*** DATA SUPPLIED Section Begins ***
Lemma kappa_ge u : / X0 < u < X0 -> beta a c u <= kappa.
Proof.
  intros hu; assert (hu0 := parameter_pos u hu).
  assert (ht0 : rpow u (1 / a) < b).
  { replace b with (rpow X0 (1 / a)) by (unfold X0; apply rpow_rpow_inv; lra).
    apply rpow_lt; [apply Rdiv_lt_0_compat |]; lra. }
  assert (0 < rpow u (1 / a)) by (apply rpow_gt0; lra).
  apply (left_deriv_ge (gfun a c) b kappa _ (b - rpow u (1 / a)) hkappa); [lra |]; intros h hh.
  assert (gfun a c (b - h) + beta a c (rpow (b - h) a) * (b - (b - h)) <= gfun a c b)
    by (apply gfun_supergradient; lra).
  assert (beta a c u <= beta a c (rpow (b - h) a)).
  { apply beta_mono; auto; split; auto.
    replace u with (rpow (rpow u (1 / a)) a)
      by (rewrite rpow_rpow by lra; replace (1 / a * a) with 1 by (field; lra); apply rpow_1; lra).
    apply rpow_le; lra. }
  apply Rmult_le_reg_r with h; [lra |]; unfold Rdiv; rewrite Rmult_assoc, Rinv_l; nra.
Qed.

(* On [b, oo), F_b is the line through (b, g(b)) with slope kappa: it stays below g
   (convexity and kappa <= beta(X0)) and above the tangents (beta(u) <= kappa). *)
Lemma Fb_right x : x >= b -> exists v, Fb x = Fin v /\ v <= gfun a c x /\
  forall u, / X0 < u < X0 -> tangent a c u x <= v.
Proof.
  intros hx; exists (gfun a c b + kappa * (x - b)); split; [apply hright; auto | split].
  - assert (gfun a c b + beta a c X0 * (x - b) <= gfun a c x) by (apply gfun_supergradient; lra).
    assert (K := kappa_le); nra.
  - intros u hu; assert (hu0 := parameter_pos u hu).
    assert (tangent a c u b <= gfun a c b) by (apply tangent_le_gfun; lra).
    assert (K := kappa_ge u hu); unfold tangent in *; nra.
Qed.

(* The same holds at every x > 0: on [1/b, b] F_b = g, and on (0, 1/b] by the
   symmetry F(x) = x F(1/x) shared by g and the family of tangents. *)
Lemma Fb_pos x : 0 < x -> exists v, Fb x = Fin v /\ v <= gfun a c x /\
  forall u, / X0 < u < X0 -> tangent a c u x <= v.
Proof.
  intros hx; destruct (Rle_dec b x) as [h1 | h1]; [apply Fb_right; lra |].
  destruct (Rle_dec (/ b) x) as [h2 | h2].
  - exists (gfun a c x); split; [apply hmid; lra | split; [lra |]].
    intros u hu; apply tangent_le_gfun; auto; [apply parameter_pos |]; lra.
  - assert (hx' : / x >= b)
      by (rewrite <- (Rinv_inv b); apply Rle_ge, Rinv_le_contravar; lra).
    destruct (Fb_right (/ x) hx') as [v [E [Hu Hl]]].
    exists (x * v); split; [rewrite hleft, E by lra; reflexivity | split].
    + rewrite <- gfun_sym by auto; apply Rmult_le_compat_l; lra.
    + intros u hu; assert (hu0 := parameter_pos u hu).
      rewrite <- tangent_sym by auto; apply Rmult_le_compat_l; [lra |].
      apply Hl, parameter_inv; auto.
Qed.

(* At 0 the bounds pass to the limit value F_b(0). *)
Lemma Fb_pinched l0 : Fb 0 = Fin l0 -> tends_at_0plus Fb l0 -> pinched a c X0 Fb.
Proof.
  intros E0 Hl0; split.
  - intros x hx; destruct (Req_dec x 0) as [-> | hx0].
    + rewrite E0, gfun_0 by lra; simpl.
      apply (limit_le Fb l0 c 1); auto; [lra |]; intros s v hs Ev.
      destruct (Fb_pos s ltac:(lra)) as [v' [Ev' [Hu _]]]; rewrite Ev in Ev'; injection Ev' as <-.
      assert (gfun a c s < c) by (apply gfun_lt_c; auto; lra); lra.
    + destruct (Fb_pos x ltac:(lra)) as [v [Ev [Hu _]]]; rewrite Ev; auto.
  - intros u hu x hx; destruct (Req_dec x 0) as [-> | hx0].
    + rewrite E0, Rmult_0_r, Rplus_0_r; simpl.
      apply (limit_ge_affine Fb l0 (alpha a c u) (beta a c u) 1); auto; [lra |].
      intros s v hs Ev; destruct (Fb_pos s ltac:(lra)) as [v' [Ev' [_ Hl]]].
      rewrite Ev in Ev'; injection Ev' as <-; apply Hl; auto.
    + destruct (Fb_pos x ltac:(lra)) as [v [Ev [_ Hl]]]; rewrite Ev; apply Hl; auto.
Qed.

End InitialFunction.

Fixpoint level (X0 : R) (n : nat) : R :=
  match n with O => X0 | S n => 2 * level X0 n - 1 end.

Lemma level_gt1 X0 n : 1 < X0 -> 1 < level X0 n.
Proof. intros h; induction n; simpl; lra. Qed.

Lemma level_mono X0 N n : 1 < X0 -> (N <= n)%nat -> level X0 N <= level X0 n.
Proof.
  intros h hn; induction hn; [lra | simpl].
  assert (1 < level X0 m) by (apply level_gt1; auto); lra.
Qed.

Lemma level_linear_bound X0 n : 1 < X0 -> 1 + INR n * (X0 - 1) <= level X0 n.
Proof.
  intros h; induction n as [| n IH]; simpl level; [simpl; lra |].
  rewrite S_INR; assert (0 <= INR n) by apply pos_INR.
  assert (X0 <= level X0 n) by (apply (level_mono X0 0); auto; lia); lra.
Qed.

Lemma level_unbounded X0 M : 1 < X0 -> exists N, M < level X0 N.
Proof.
  intros h; destruct (INR_unbounded ((M - 1) / (X0 - 1))) as [N hN]; exists N.
  assert (INR N * (X0 - 1) > M - 1).
  { apply Rmult_lt_reg_r with (/ (X0 - 1)); [apply Rinv_0_lt_compat; lra |].
    rewrite Rmult_assoc, Rinv_r by lra; unfold Rdiv in hN; lra. }
  assert (Hlin := level_linear_bound X0 N h); lra.
Qed.

Lemma iterates_pinched_eventually a c X0 F M : 0 < a <= 1 -> 0 < c -> 1 < X0 ->
  pinched a c X0 F ->
  exists N, forall n, (n >= N)%nat -> exists X, M < X /\ pinched a c X (Ta_iter a n F).
Proof.
  intros ha hc hX0 HF.
  assert (Hn : forall n, pinched a c (level X0 n) (Ta_iter a n F)).
  { induction n; [exact HF |]; apply pinched_step; auto; apply level_gt1; auto. }
  destruct (level_unbounded X0 M hX0) as [N hN]; exists N; intros n hn.
  exists (level X0 N); split; auto.
  apply (pinched_mono a c (level X0 n)); [split; [apply level_gt1 | apply level_mono] | apply Hn]; auto.
Qed.

Lemma pinched_at_pos a c X F s : 0 < a <= 1 -> 0 < s -> / X < rpow s a < X ->
  pinched a c X F -> F s = Fin (gfun a c s).
Proof.
  intros ha hs hu [HU HL].
  assert (L := HL _ hu s ltac:(lra)); fold (tangent a c (rpow s a) s) in L.
  rewrite tangent_touches in L by lra.
  destruct (ER_sandwich _ _ _ L (HU s ltac:(lra))) as [x [-> hx]].
  f_equal; lra.
Qed.

(* At 0, the tangent with parameter u = 2/X gives F(0) >= c (1 - u)^q >= c (1 - 4 q / X). *)
Lemma pinched_at_zero a c X F : 0 < a <= 1 -> 0 < c -> 4 <= X -> pinched a c X F ->
  exists x, F 0 = Fin x /\ c - 4 * c * (1 / a - 1) / X <= x <= c.
Proof.
  intros ha hc hX [HU HL]; set (q := 1 / a - 1).
  assert (hq : 0 <= q) by (assert (1 <= 1 / a) by (apply exponent_ge1; auto); unfold q; lra).
  set (u := 2 / X).
  assert (hu : / X < u < X /\ 0 < u <= 1 / 2).
  { unfold u, Rdiv; assert (0 < / X) by (apply Rinv_0_lt_compat; lra).
    assert (X * / X = 1) by (apply Rinv_r; lra); nra. }
  assert (L := HL u (proj1 hu) 0 ltac:(lra)); assert (U := HU 0 ltac:(lra)).
  rewrite gfun_0 in U by lra.
  destruct (ER_sandwich _ _ _ L U) as [x [Ex [lo hi]]]; exists x; split; auto; split; auto.
  unfold alpha in lo; fold q in lo; rewrite Rmult_0_r, Rplus_0_r, sp_neg in lo by lra.
  replace (- (u - 1)) with (1 - u) in lo by ring.
  assert (R := rpow_lower_bound (1 - u) q ltac:(lra) hq).
  assert (q * (1 - (1 - u)) / (1 - u) <= 2 * q * u).
  { apply Rmult_le_reg_r with (1 - u); [lra |]; unfold Rdiv; rewrite Rmult_assoc, Rinv_l by lra.
    assert (0 <= q * u * (1 - 2 * u)) by (apply Rmult_le_pos; [apply Rmult_le_pos |]; lra); nra. }
  assert (c * (1 - 2 * q * u) <= c * rpow (1 - u) q) by (apply Rmult_le_compat_l; lra).
  replace (4 * c * q / X) with (c * (2 * q * u)) by (unfold u; field; lra); lra.
Qed.

Lemma pinched_approximates a c s eps : 0 < a <= 1 -> 0 < c -> 0 <= s -> eps > 0 ->
  exists M, forall X F, M < X -> pinched a c X F ->
    exists x, F s = Fin x /\ Rabs (x - gfun a c s) < eps.
Proof.
  intros ha hc hs heps; destruct (Req_dec s 0) as [-> | hs0].
  - set (q := 1 / a - 1); exists (Rmax 4 (4 * c * q / eps)); intros X F hX HX.
    assert (4 <= Rmax 4 (4 * c * q / eps)) by apply Rmax_l.
    assert (4 * c * q / eps <= Rmax 4 (4 * c * q / eps)) by apply Rmax_r.
    destruct (pinched_at_zero a c X F ha hc ltac:(lra) HX) as [x [Ex Hx]]; fold q in Hx.
    exists x; split; auto; rewrite gfun_0 by lra.
    assert (4 * c * q / X < eps).
    { apply Rmult_lt_reg_r with (X / eps); [apply Rdiv_lt_0_compat; lra |].
      replace (4 * c * q / X * (X / eps)) with (4 * c * q / eps) by (field; lra).
      replace (eps * (X / eps)) with X by (field; lra); lra. }
    rewrite Rabs_left1; lra.
  - assert (hs_pos : 0 < s) by lra.
    set (u := rpow s a); assert (hu : 0 < u) by (apply rpow_gt0; lra).
    exists (Rmax u (/ u)); intros X F hX HX.
    assert (u <= Rmax u (/ u)) by apply Rmax_l; assert (/ u <= Rmax u (/ u)) by apply Rmax_r.
    assert (/ X < u).
    { rewrite <- (Rinv_inv u); apply Rinv_lt_contravar; [| lra].
      apply Rmult_lt_0_compat; [apply Rinv_0_lt_compat |]; lra. }
    exists (gfun a c s); split; [apply (pinched_at_pos a c X); auto; fold u; lra |].
    rewrite Rminus_diag, Rabs_R0; lra.
Qed.

Theorem mainTheorem11 (a b c kappa : R) (Fb : R -> ER)
  (ha : 0 < a <= 1) (hb : b > 1) (hc : c > 0)
  (hkappa : left_deriv (gfun a c) b kappa)
  (hmid : forall s, / b <= s <= b -> Fb s = Fin (gfun a c s))
  (hright : forall s, s >= b -> Fb s = Fin (gfun a c b + kappa * (s - b)))
  (hleft : forall s, 0 < s <= / b -> Fb s = ER_scale s (Fb (/ s)))
  (hzero : exists l0, Fb 0 = Fin l0 /\
     forall eps, eps > 0 -> exists d, d > 0 /\ forall s, 0 < s < d ->
       exists x, Fb s = Fin x /\ Rabs (x - l0) < eps) :
  forall s, 0 <= s -> ER_seq_cv (fun n => Ta_iter a n Fb s) (gfun a c s).
Proof.
  intros s hs eps heps.
  destruct hzero as [l0 [E0 Hl0]].
  assert (Hinit := Fb_pinched a b c kappa Fb ha hb hc hkappa hmid hright hleft l0 E0 Hl0).
  destruct (pinched_approximates a c s eps ha hc hs heps) as [M HM].
  destruct (iterates_pinched_eventually a c _ Fb M ha hc (X0_gt1 a b ha hb) Hinit) as [N HN].
  exists N; intros n hn; destruct (HN n hn) as [X [hX HX]].
  exact (HM X _ hX HX).
Qed.
Lemma anon_dist_embedding u v k W :
  path e v W -> ball_arcs v k \subset traversed v W ->
  anon_dist e u (size W) (anon (v :: W)) = anon_dist e v (size W) (anon (v :: W)) ->
  exists f, ball_embedding v u k f.
Proof.
move=> hp hcov hdist.
have : (0 < anon_dist e u (size W) (anon (v :: W)))%R.
  by rewrite hdist; apply/anon_dist_gt0; exists (in_tuple W).
by case/anon_dist_gt0 => w' /esym hanon hp'; exact: anon_embedding hcov hp' hanon.
Qed.

Lemma card_ball_arcs_ge2 v k y : 0 < k -> e v y -> 2 <= #|ball_arcs v k|.
Proof.
move=> hk evy.
have hv : v \in ball e v k by apply/ballP; exists [::].
have hy : y \in ball e v k by apply/ballP; exists [:: y]; rewrite /= ?evy.
have hne : (v, y) != (y, v) by apply/eqP => -[vy]; rewrite vy e_irr in evy.
have : [set (v, y); (y, v)] \subset ball_arcs v k.
  apply/subsetP => a; rewrite in_set2 => /orP [] /eqP ->;
  by rewrite in_ball_arcs /= hv hy ?evy // e_sym evy.
by move/subset_leq_card; rewrite cards2 hne.
Qed.
End Ball.

Lemma double_maxn_le_half a b : 1 < a -> 1 < b -> 2 * maxn a b <= 6 * maxn a./2 b./2.
Proof.
move=> ha hb; have := odd_double_half a; have := odd_double_half b.
by rewrite -!muln2; case: (odd a); case: (odd b); lia.
Qed.

Lemma neighbour_of_connect (T : finType) (e : rel T) u v :
  u != v -> connect e u v -> exists y, e u y.
Proof.
move=> huv /connectP [[|y p] /= hp hl]; first by rewrite hl eqxx in huv.
by case/andP: hp => euy _; exists y.
Qed.

Theorem proposition1 :
  exists C : nat,
  forall (T : finType) (e : rel T),
    symmetric e -> irreflexive e -> (forall x y : T, connect e x y) ->
  forall (u v : T) (k : nat), 0 < k ->
    ~ rooted_iso e u v k ->
    exists l : nat,
      l <= C * maxn (nedges e u k) (nedges e v k) /\
      exists phi : seq nat, anon_dist e u l phi <> anon_dist e v l phi.
Proof.
exists 6 => T e e_sym e_irr e_conn u v k hk hniso.
case: (eqVneq u v) hniso => [<- | huv] hniso.
  by case: hniso; exists id; split=> // y; exists y.
have [yu euy] := neighbour_of_connect huv (e_conn u v).
have [yv evy] : exists y, e v y by apply: neighbour_of_connect (e_conn v u); rewrite eq_sym.
pose l := 2 * maxn #|ball_arcs e u k| #|ball_arcs e v k|.
have hl : ~~ odd l by rewrite oddM.
have hlu : #|ball_arcs e u k| <= l by exact: leq_trans (leq_maxl _ _) (leq_pmull _ _).
have hlv : #|ball_arcs e v k| <= l by exact: leq_trans (leq_maxr _ _) (leq_pmull _ _).
have [Wu [hpu hszu hcovu]] := covering_walk e_sym e_irr euy hl hlu.
have [Wv [hpv hszv hcovv]] := covering_walk e_sym e_irr evy hl hlv.
exists l; split.
  rewrite /nedges -/(ball_arcs e u k) -/(ball_arcs e v k).
  exact: double_maxn_le_half (card_ball_arcs_ge2 e_sym e_irr hk euy)
                             (card_ball_arcs_ge2 e_sym e_irr hk evy).
pose phiv := anon (v :: Wv); pose phiu := anon (u :: Wu).
have [duv | ] := eqVneq (anon_dist e u l phiv) (anon_dist e v l phiv); last first.
  by move/eqP; exists phiv.
have [dvu | ] := eqVneq (anon_dist e v l phiu) (anon_dist e u l phiu); last first.
  by move/eqP => hne; exists phiu => /esym.
rewrite -hszv in duv; rewrite -hszu in dvu.
have [f hf] := anon_dist_embedding e_sym hpv hcovv duv.
have [g hg] := anon_dist_embedding e_sym hpu hcovu dvu.
by case: hniso; exact: ball_embeddings_iso hg hf.
Qed.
*** DATA SUPPLIED Section Ends ***
EXERCISE PROMPT: Your answer must be the data above, copied exactly from its first line through the line containing "assert (0 < rpow", and nothing more.

RESPONSE AREA:
Lemma kappa_ge u : / X0 < u < X0 -> beta a c u <= kappa.
Proof.
  intros hu; assert (hu0 := parameter_pos u hu).
  assert (ht0 : rpow u (1 / a) < b).
  { replace b with (rpow X0 (1 / a)) by (unfold X0; apply rpow_rpow_inv; lra).
    apply rpow_lt; [apply Rdiv_lt_0_compat |]; lra. }
  assert (0 < rpow u (1 / a)) by (apply rpow_gt0; lra).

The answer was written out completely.